Furthermore, neutrophils are able to ‘choose’ a certain defense strategy [176]. For instance, NETosis is considered to be preferred over phagocytosis with increasing pathogen size as reported for fungi hyphae [177]. During this process, the decision for NETosis depends on multiple factors such as the accessibility of MPO and NE in granules [177], successful activation of phagocytosis via pathogen detection as shown for Dectin-1 [177] or cytoskeletal integrity [176, 177].

Beside the main defense pathways shown in Fig. 3, neutrophils can modulate the immune response by de novo synthesis of specific proteins or generation of microparticles [35].

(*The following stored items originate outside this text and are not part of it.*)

Lemma BM_moment_gap_yz :
  sphere_int (fun x y z => y ^ 2 * BM_rho m1 m2 m3 x y z)
  - sphere_int (fun x y z => z ^ 2 * BM_rho m1 m2 m3 x y z)
  = 2 * (m2 - m3) * sphere_int (fun x y z => y ^ 2 * z ^ 2 * BM_rho m1 m2 m3 x y z).
Proof.
  enough (Hf : sphere_int (fun x y z => y ^ 2 * BM_rho m1 m2 m3 x y z
    + (-1) * (z ^ 2 * BM_rho m1 m2 m3 x y z)
    + (- (2 * (m2 - m3))) * (y ^ 2 * z ^ 2 * BM_rho m1 m2 m3 x y z)) = 0).
  { rewrite !sphere_int_plus, !sphere_int_scal in Hf by solve_continuous_2d. lra. }
  (* y d/dz - z d/dy = - sin p d/dt - cot t cos p d/dp, applied to y z rho:
     A = -sin t sin p (y z rho) and B = -cos t cos p (y z rho). *)
  apply (sphere_int_divergence _
    (fun t p => - sin t ^ 2 * cos t * sin p ^ 2 * rho_at t p)
    (fun t p => - sin t * sin p ^ 2 * rho_at t p * (2 * cos t ^ 2 - sin t ^ 2
       + 2 * sin t ^ 2 * cos t ^ 2 * (m1 * cos p ^ 2 + m2 * sin p ^ 2 - m3)))
    (fun t p => - sin t * cos t ^ 2 * sin p * cos p * rho_at t p)).
  all: try solve_continuous_2d.
  - solve_is_derive.
  - solve_is_derive.
  - intros p. rewrite sin_0. ring.
  - intros p. rewrite sin_PI. ring.
  - intros t. unfold rho_at. rewrite sin_2PI, cos_2PI, sin_0, cos_0. reflexivity.
Qed.

Lemma BM_Z_pos : 0 < BM_Z m1 m2 m3.
Proof.
  apply sphere_int_gt_0; [solve_continuous_2d | |]; intros; [left |]; apply exp_pos.
Qed.

Lemma BM_rho_pos x y z : 0 < BM_rho m1 m2 m3 x y z.
Proof. apply Rdiv_lt_0_compat; [apply exp_pos | apply BM_Z_pos]. Qed.

Lemma BM_product_moments_pos :
  0 < sphere_int (fun x y z => x ^ 2 * y ^ 2 * BM_rho m1 m2 m3 x y z) /\
  0 < sphere_int (fun x y z => x ^ 2 * z ^ 2 * BM_rho m1 m2 m3 x y z) /\
  0 < sphere_int (fun x y z => y ^ 2 * z ^ 2 * BM_rho m1 m2 m3 x y z).
Proof.
  repeat split; apply sphere_int_gt_0; try solve_continuous_2d; intros x y z.
  all: try (apply Rmult_le_pos; [apply Rmult_le_pos; apply pow2_ge_0 | left; apply BM_rho_pos]).
  all: intros Hx Hy Hz; apply Rmult_lt_0_compat;
    [apply Rmult_lt_0_compat; apply pow_lt; assumption | apply BM_rho_pos].
Qed.

End BallMajumdarMoments.

Theorem lemma2p1 (l1 l2 l3 m1 m2 m3 : R) :
  -(1/3) < l1 -> l1 <= l2 -> l2 <= l3 -> l3 < 2/3 ->
  l1 + l2 + l3 = 0 ->
  BM_multipliers l1 l2 l3 m1 m2 m3 ->
  (m1 <= m2 /\ m2 <= m3) /\
  (l1 = l2 -> m1 = m2) /\ (l1 = l3 -> m1 = m3) /\ (l2 = l3 -> m2 = m3).
Proof.
  intros _ H12 H23 _ _ (_ & Hx & Hy & Hz).
  pose proof (BM_moment_gap_xy m1 m2 m3) as Gxy.
  pose proof (BM_moment_gap_xz m1 m2 m3) as Gxz.
  pose proof (BM_moment_gap_yz m1 m2 m3) as Gyz.
  rewrite Hx, Hy in Gxy. rewrite Hx, Hz in Gxz. rewrite Hy, Hz in Gyz.
  destruct (BM_product_moments_pos m1 m2 m3) as (Pxy & Pxz & Pyz).
  repeat split; intros; nra.
Qed.
Lemma extend_mxM Y Z : extend_mx Y *m extend_mx Z = extend_mx (Y *m Z).
Proof.
rewrite /extend_mx; set Q := 1%:M - P *m P^T.
have QP : Q *m P = 0 by rewrite mulmxBl mul1mx -mulmxA PtP mulmx1 subrr.
have PtQ : P^T *m Q = 0 by rewrite mulmxBr mulmx1 mulmxA PtP mul1mx subrr.
have QQ : Q *m Q = Q by rewrite {1}/Q mulmxBl mul1mx -mulmxA PtQ mulmx0 subr0.
clearbody Q; rewrite mulmxDl !mulmxDr QQ !mulmxA QP !mul0mx addr0.
by rewrite -(mulmxA _ P^T Q) PtQ mulmx0 add0r -(mulmxA _ P^T P) PtP mulmx1.
Qed.

Lemma extend_mx_orthogonal K : orthogonal_mx K -> orthogonal_mx (extend_mx K).
Proof.
by case=> KtK KKt; split; rewrite tr_extend_mx extend_mxM ?KtK ?KKt extend_mx1.
Qed.

Lemma conj_mx_exprS (A : 'M[R]_m) i :
  (P *m A *m P^T) ^+ i.+1 = P *m A ^+ i.+1 *m P^T.
Proof.
elim: i => [|i IH]; first by rewrite !expr1.
rewrite exprS IH [in RHS]exprS -!mulmxE !mulmxA.
by rewrite -(mulmxA _ P^T P) PtP mulmx1.
Qed.

Lemma mexp_partial_conj (A : 'M[R]_m) N :
  mexp_partial (P *m A *m P^T) N.+1 = extend_mx (mexp_partial A N.+1).
Proof.
rewrite /mexp_partial /extend_mx !big_ord_recl /= fact0 !expr0 invr1 !scale1r.
rewrite -!idmxE mulmxDr mulmxDl mulmx1 addrA subrK mulmx_sumr mulmx_suml.
congr (_ + _); apply: eq_bigr => i _.
by rewrite /bump leq0n /= add1n conj_mx_exprS -scalemxAr -scalemxAl.
Qed.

Microparticles are membrane vesicles filled with heterogeneous content depending on the surrounding conditions and the activating stimulus. They can be released to carry out diverse functions in health and diseases [178]. These functions include contributions to reactions against opsonized particles [179, 180] or induction of pro-inflammatory [181] as well as anti-inflammatory [182, 183] responses.

Over time, activated neutrophils decrease their resistance against anti-apoptotic signaling [184] and, after successfully targeting the pathogen, they undergo apoptosis or, under certain circumstances, autophagy [185]. In this context, they can express ‘find-me’ or ‘eat-me’ signals and are silently cleared by phagocytosis [35, 185, 186]. According to a model of Kennedy and DeLeo, this process can be dysregulated by certain pathogens or in a disease-related context. Importantly, this dysregulation can induce a switch to pro-inflammatory cell death pathways such as pyroptosis, oncosis and NETosis [185, 187] accompanied by subsequent tissue damage and acute as well as chronic inflammation [35].